- [EXERCISE DESCRIPTION]:
A single number is the answer: how many lines of the data hold "unitI"?

- [Stored items]:
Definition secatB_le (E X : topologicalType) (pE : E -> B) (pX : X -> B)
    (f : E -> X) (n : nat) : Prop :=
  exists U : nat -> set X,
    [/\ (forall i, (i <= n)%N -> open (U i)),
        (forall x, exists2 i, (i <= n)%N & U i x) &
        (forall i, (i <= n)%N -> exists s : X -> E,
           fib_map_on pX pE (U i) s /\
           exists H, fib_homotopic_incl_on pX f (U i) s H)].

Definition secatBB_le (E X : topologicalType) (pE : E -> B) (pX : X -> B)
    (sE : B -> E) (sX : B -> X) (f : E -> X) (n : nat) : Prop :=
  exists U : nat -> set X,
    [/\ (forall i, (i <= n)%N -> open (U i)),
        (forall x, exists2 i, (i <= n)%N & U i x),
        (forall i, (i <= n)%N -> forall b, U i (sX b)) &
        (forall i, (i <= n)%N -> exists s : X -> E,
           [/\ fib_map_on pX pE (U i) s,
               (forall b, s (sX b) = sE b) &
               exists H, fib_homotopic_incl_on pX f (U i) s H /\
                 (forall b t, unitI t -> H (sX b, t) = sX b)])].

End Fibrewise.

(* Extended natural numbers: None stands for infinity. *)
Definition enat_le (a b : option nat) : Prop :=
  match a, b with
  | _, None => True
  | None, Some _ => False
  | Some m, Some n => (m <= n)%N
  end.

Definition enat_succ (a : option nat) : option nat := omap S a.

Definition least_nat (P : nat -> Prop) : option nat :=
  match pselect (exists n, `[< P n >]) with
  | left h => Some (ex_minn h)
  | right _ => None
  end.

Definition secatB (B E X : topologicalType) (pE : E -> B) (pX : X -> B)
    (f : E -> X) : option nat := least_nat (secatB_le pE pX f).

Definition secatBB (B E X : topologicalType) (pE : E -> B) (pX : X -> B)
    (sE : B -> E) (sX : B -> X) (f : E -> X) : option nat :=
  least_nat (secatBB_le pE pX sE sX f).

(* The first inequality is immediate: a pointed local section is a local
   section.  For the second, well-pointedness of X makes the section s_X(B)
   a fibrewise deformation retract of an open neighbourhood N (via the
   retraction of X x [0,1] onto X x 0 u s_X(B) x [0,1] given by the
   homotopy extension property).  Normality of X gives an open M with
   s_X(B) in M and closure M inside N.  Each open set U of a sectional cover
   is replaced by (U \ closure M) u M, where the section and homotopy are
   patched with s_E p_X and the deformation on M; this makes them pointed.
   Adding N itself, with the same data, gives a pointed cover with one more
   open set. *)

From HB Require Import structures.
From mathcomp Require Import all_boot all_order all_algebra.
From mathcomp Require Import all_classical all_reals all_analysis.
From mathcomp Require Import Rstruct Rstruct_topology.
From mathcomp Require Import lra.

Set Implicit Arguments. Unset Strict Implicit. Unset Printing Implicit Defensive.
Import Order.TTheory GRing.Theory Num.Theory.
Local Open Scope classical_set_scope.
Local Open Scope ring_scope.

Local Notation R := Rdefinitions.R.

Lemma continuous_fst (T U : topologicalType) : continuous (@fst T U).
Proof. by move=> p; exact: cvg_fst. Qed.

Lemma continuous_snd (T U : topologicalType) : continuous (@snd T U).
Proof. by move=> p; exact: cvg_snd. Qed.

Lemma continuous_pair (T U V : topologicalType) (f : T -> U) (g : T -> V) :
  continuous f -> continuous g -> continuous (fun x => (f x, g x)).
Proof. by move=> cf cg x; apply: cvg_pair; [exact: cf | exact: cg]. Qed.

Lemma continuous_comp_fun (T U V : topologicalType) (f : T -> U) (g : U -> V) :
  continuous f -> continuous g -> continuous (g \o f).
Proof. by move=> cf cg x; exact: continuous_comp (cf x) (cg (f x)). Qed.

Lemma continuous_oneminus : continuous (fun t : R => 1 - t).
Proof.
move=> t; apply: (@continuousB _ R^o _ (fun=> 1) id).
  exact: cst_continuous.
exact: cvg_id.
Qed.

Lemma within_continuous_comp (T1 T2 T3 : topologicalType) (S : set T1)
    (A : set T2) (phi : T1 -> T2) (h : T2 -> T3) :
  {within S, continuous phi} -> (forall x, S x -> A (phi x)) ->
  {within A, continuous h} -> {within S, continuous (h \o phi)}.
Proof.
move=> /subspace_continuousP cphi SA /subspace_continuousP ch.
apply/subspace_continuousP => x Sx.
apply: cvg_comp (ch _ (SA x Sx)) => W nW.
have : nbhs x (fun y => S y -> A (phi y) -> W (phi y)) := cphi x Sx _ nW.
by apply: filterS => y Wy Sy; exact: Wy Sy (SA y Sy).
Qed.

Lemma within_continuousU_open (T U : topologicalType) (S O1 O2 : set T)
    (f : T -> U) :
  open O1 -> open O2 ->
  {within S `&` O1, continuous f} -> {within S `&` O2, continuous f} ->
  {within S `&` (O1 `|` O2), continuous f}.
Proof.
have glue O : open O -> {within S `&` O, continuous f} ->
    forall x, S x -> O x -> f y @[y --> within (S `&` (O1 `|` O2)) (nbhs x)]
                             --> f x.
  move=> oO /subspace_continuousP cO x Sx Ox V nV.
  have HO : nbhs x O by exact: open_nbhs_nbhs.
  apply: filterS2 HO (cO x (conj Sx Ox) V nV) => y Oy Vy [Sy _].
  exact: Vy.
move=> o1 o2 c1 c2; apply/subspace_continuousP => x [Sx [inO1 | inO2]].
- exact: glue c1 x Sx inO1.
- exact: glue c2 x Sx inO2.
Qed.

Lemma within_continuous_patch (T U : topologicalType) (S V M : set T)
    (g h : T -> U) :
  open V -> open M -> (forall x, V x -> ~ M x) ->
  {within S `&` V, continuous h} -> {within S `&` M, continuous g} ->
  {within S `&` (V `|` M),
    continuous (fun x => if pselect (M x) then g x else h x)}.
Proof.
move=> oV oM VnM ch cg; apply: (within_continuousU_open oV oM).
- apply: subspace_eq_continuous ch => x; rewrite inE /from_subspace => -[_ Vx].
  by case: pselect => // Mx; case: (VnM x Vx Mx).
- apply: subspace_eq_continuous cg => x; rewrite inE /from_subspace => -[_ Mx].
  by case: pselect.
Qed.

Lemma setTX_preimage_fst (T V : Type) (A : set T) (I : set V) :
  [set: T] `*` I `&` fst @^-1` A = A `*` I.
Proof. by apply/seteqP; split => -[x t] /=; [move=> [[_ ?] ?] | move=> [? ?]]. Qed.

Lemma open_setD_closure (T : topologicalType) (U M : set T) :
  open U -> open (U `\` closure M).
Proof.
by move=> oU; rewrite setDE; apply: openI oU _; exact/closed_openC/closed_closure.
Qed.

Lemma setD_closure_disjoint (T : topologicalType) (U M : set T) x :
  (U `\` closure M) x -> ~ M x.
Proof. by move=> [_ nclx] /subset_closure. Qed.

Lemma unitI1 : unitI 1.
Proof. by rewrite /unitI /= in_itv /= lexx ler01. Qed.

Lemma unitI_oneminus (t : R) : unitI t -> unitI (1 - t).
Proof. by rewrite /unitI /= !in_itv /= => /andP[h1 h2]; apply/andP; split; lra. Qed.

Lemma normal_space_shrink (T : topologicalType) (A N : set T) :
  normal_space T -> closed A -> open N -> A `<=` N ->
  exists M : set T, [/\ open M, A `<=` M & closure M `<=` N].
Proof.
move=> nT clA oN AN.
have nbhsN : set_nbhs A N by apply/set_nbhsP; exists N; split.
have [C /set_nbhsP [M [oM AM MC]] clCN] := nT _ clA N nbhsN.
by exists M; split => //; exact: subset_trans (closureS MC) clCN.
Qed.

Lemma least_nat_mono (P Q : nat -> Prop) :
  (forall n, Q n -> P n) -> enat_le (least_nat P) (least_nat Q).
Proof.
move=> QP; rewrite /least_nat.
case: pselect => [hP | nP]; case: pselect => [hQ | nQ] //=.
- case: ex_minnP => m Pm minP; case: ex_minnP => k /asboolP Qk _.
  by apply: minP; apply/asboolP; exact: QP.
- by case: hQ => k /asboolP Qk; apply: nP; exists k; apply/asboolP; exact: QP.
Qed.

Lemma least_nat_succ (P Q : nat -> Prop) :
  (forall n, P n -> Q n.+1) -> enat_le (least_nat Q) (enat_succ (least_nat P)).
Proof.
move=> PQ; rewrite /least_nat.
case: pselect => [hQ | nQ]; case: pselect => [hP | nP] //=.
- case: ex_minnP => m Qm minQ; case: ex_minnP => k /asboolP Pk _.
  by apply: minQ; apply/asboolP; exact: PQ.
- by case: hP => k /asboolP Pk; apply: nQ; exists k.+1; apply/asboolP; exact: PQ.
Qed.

- [ANSWER BELOW]:
5